Thompson: Common Core Moratorium On Value-Added
The best part of the Education Sector's Getting to 2014 (and Beyond): Choices and Challenges Ahead is Bill Tucker's "Taking a Long View of Teacher Evaluation," and its call for a one year hiatus on value-added evaluations when Common Core assessments are implemented. The best thing about Tucker's contribution is that it draws upon the insights of Craig Jerald, who explains that the new assessments "will necessitate a massive, and massively difficult, change in instructional practices for many, if not most teachers." He also believes that high-stakes evaluations are a distraction from this difficult transition.
For the next two years, educators will receive mixed messages. They will be given professional development on teaching critical thinking skills for mastery. In the inner city, many will be subject to termination, however, if they teach for higher order thinking before Common Core arrives. As long as teachers, and their evaluators, face high-stakes bubble-in tests, they will be pressured to rush through a skin-deep curriculum. So, it is great that reformers like Tucker are addressing the issue of implementing Common Core, while requiring teachers and principals to comply with its opposite. I doubt he believes that a one year hiatus will be long enough to give Common Core a chance, and I suspect he would cheer if it stretched into multiple years. If we want Common Core to succeed, however, reformers should join practitioners and make a "bold statement" on the need to teach 21st century skills, and repudiate value-added evaluations that will encourage the rote instruction of 19th century basic skills.- JT(@drjohnthompson) image via.


I've always felt that students and teachers should have input on the effectiveness of the teachers they have/deal with for a year. I realize there are problems with that because some teens would simply lie in order to get a teacher they hate in trouble, but for those, like me, who honestly wanted to appraise a teacher, there's no system in place.
I had fantastic teachers in high school, middle school, and elementary school, but I also had some horrible ones. Sadly, many of those horrible ones are the ones with the most tenure and who earned far more than they were worth.
I had one music teacher when I was in kindergarten actually wrote a note to my mom (we were looking at old paperwork she found when spring cleaning). That note said - "Sarah sings off-key and is therefore a distraction in my classroom, so that's why I'm giving her a "D" for this quarter." I was in kindergarten and didn't know the song, so I can't imagine why I was expected to sing perfectly at such a young age.
Posted by: Sarah | July 11, 2012 at 08:23 AM
Ok agian here we go with the testing.

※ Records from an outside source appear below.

Lemma AA1_reaches_equality f0 f1 K x : K < 1 ->
  (forall q, 0 <= q <= 1 -> f1 0 q - f0 0 q <= K) ->
  is_traj f0 f1 AA1 x -> reaches_equality x.
Proof.
  intros HK Hgap [Hrange [Hderiv _]].
  set (D := fun t => x t GA - x t GB).
  set (D' := fun t => dyn f0 f1 (AA1 (x t)) (x t) GA - dyn f0 f1 (AA1 (x t)) (x t) GB).
  assert (Hdecay := exp_decay (fun t => D t * D t) (fun t => D' t * D t + D t * D' t)
    (2 * (1 - K))).
  assert (HD : forall t, 0 < t -> derivable_pt_lim D t (D' t))
    by (intros t Ht; exact (derivable_pt_lim_minus _ _ _ _ _ (Hderiv t GA Ht) (Hderiv t GB Ht))).
  specialize (Hdecay (fun t Ht => derivable_pt_lim_mult _ _ _ _ _ (HD t Ht) (HD t Ht))).
  assert (Hsign : forall t, 0 < t -> D' t * D t + D t * D' t <= - (2 * (1 - K)) * (D t * D t)).
  { intros t Ht.
    assert (Hnn : forall k, 0 <= x t k) by (intro k; apply Hrange; lra).
    set (m := Rmin (x t GA) (x t GB)).
    assert (Hm : 0 <= m <= 1).
    { split; [apply Rmin_glb; apply Hnn|].
      apply Rle_trans with (x t GA); [apply Rmin_l | apply Hrange; lra]. }
    assert (HD' : D' t = (f1 0 m - f0 0 m - 1) * D t)
      by (unfold D', D; rewrite !dyn_AA1 by exact Hnn; unfold drift; fold m; ring).
    rewrite HD'. pose proof (Hgap m Hm). pose proof (Rle_0_sqr (D t)). unfold Rsqr in *. nra. }
  specialize (Hdecay Hsign).
  intros eps Heps.
  destruct (exp_neg_eventually_lt (2 * (1 - K)) (eps * eps)) as [T HT]; [lra | nra |].
  exists (Rmax 1 (T + 1)). intros t Ht.
  pose proof (Rmax_l 1 (T + 1)). pose proof (Rmax_r 1 (T + 1)).
  assert (HD1 : D 1 * D 1 <= 1)
    by (unfold D; pose proof (Hrange 1 GA); pose proof (Hrange 1 GB); nra).
  pose proof (Hdecay 1 t ltac:(lra)). pose proof (HT (t - 1) ltac:(lra)).
  pose proof (exp_pos (- (2 * (1 - K)) * (t - 1))).
  rewrite <- (Rabs_pos_eq eps) by lra. apply Rsqr_lt_abs_0. unfold Rsqr. fold (D t). nra.
Qed.

Lemma AA1_min_le_UN f0 f1 xUN xAA j :
  (forall x y m, 0 <= y <= m -> m <= x <= 1 ->
     drift (f0 0) (f1 0) x m <= drift (f0 0) (f1 0) y y) ->
  is_traj f0 f1 (fun _ => UN) xUN -> is_traj f0 f1 AA1 xAA -> xUN 0 = xAA 0 ->
  forall t, 0 <= t -> Rmin (xAA t GA) (xAA t GB) <= xUN t j.
Proof.
  intros Hdrift [HrU [HdU HcU]] [HrA [HdA HcA]] H0.
  apply (Rmin_le_of_comparison _ _ _ _ _ _ (fun t => HdA t GA) (fun t => HdA t GB)
           (fun t => HdU t j) ); [| exact (HcA GA) | exact (HcA GB) | exact (HcU j) |].
  - intros t Ht HA HB.
    assert (Hnn : forall k, 0 <= xAA t k) by (intro k; apply HrA; lra).
    rewrite !dyn_AA1, dyn_UN by exact Hnn.
    assert (Hm : xUN t j <= Rmin (xAA t GA) (xAA t GB)) by (apply Rmin_glb; lra).
    pose proof (HrU t j ltac:(lra)). pose proof (HrA t GA ltac:(lra)). pose proof (HrA t GB ltac:(lra)).
    split; apply Hdrift; auto; split; try lra; [apply Rmin_l | apply Rmin_r].
  - rewrite H0. destruct j; [apply Rmin_l | apply Rmin_r].
Qed.

Theorem mainTheorem10
  (f0 f1 : R -> R -> R)
  (Hf0 : C1_2 f0) (Hf1 : C1_2 f1)
  (Hf0r : forall b0 b1, 0 <= b0 <= 1 -> 0 <= b1 <= 1 -> 0 <= f0 b0 b1 <= 1)
  (Hf1r : forall b0 b1, 0 <= b0 <= 1 -> 0 <= b1 <= 1 -> 0 <= f1 b0 b1 <= 1)
  (LUN : R) (HLUN : LUN < 1)
  (Hfder : forall q, 0 <= q <= 1 ->
     exists l, derivable_pt_lim (fun s => s * f1 0 s + (1 - s) * f0 0 s) q l
               /\ Rabs l <= LUN)
  (gA u0 u1 : R) (HgA : 0 <= gA <= 1) (Hu0 : u0 <= 0) (Hu1 : 0 <= u1)
  (Hu : gA * u1 + (1 - gA) * u0 <= 0)
  (p0 : profile) (Hp0 : forall j, 0 <= p0 j <= 1) (Hadv : p0 GB <= p0 GA) :
  ((exists qm, 0 <= qm <= 1 /\
      (forall q, 0 <= q <= 1 -> Rabs (f1 0 q - f0 0 q) <= Rabs (f1 0 qm - f0 0 qm)) /\
      Rabs (f1 0 qm - f0 0 qm) < 1) /\
   (forall xAA : R -> profile,
      is_traj f0 f1 AA1 xAA -> xAA 0 = p0 -> reaches_equality xAA)) /\
  (forall xUN xAA : R -> profile,
     is_traj f0 f1 (fun _ => UN) xUN -> xUN 0 = p0 ->
     is_traj f0 f1 AA1 xAA -> xAA 0 = p0 ->
     forall t, 0 <= t -> inst_util gA u0 u1 UN (xUN t) >= inst_util gA u0 u1 (AA1 (xAA t)) (xAA t)).
Proof.
  destruct Hf0 as [_ [d0 [_ [Hd0 _]]]]. destruct Hf1 as [_ [d1 [_ [Hd1 _]]]].
  assert (Hr0 : forall q, 0 <= q <= 1 -> 0 <= f0 0 q <= 1) by (intros; apply Hf0r; lra).
  assert (Hr1 : forall q, 0 <= q <= 1 -> 0 <= f1 0 q <= 1) by (intros; apply Hf1r; lra).
  pose proof (max_abs_sub_lt1 (f0 0) (f1 0) (d0 0) (d1 0) (Hd0 0) (Hd1 0) Hr0 Hr1
                LUN HLUN Hfder) as Hmax.
  split; [split; [exact Hmax|] |].
  - intros xAA HAA _. destruct Hmax as [qm [_ [Hqm Hlt]]].
    apply (AA1_reaches_equality f0 f1 _ xAA Hlt); [|exact HAA].
    intros q Hq. apply Rle_trans with (Rabs (f1 0 q - f0 0 q)); [apply Rle_abs | auto].
  - intros xUN xAA HUN HUN0 HAA HAA0 t Ht.
    pose proof (drift_le_diag (f0 0) (f1 0) (d0 0) (d1 0) (Hd0 0) (Hd1 0) Hr0 Hr1
                  LUN HLUN Hfder) as Hdrift.
    assert (H0 : xUN 0 = xAA 0) by congruence.
    pose proof (AA1_min_le_UN f0 f1 xUN xAA GA Hdrift HUN HAA H0 t Ht).
    pose proof (AA1_min_le_UN f0 f1 xUN xAA GB Hdrift HUN HAA H0 t Ht).
    rewrite inst_util_UN, inst_util_AA1 by (intro k; apply (proj1 HAA); exact Ht).
    apply Rle_ge, Rmult_le_compat_l; [exact Hu1 | nra].
Qed.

ALL teachers should be correctly evaluated, but here this whole testing situation even got the editor stating evaluations could be a distraction for the transition and he's talking about this new common core. How is it a teacher can be affected by this one test but can be quickly evaluated. I don't understand it, but hey who dare challenge the government. As if they know it all, yeah right jsut because they are in high end positions doesn't make them know it all. How bout taking comments from both the students and teachers (the ones that actually matter in this whole common core transition.)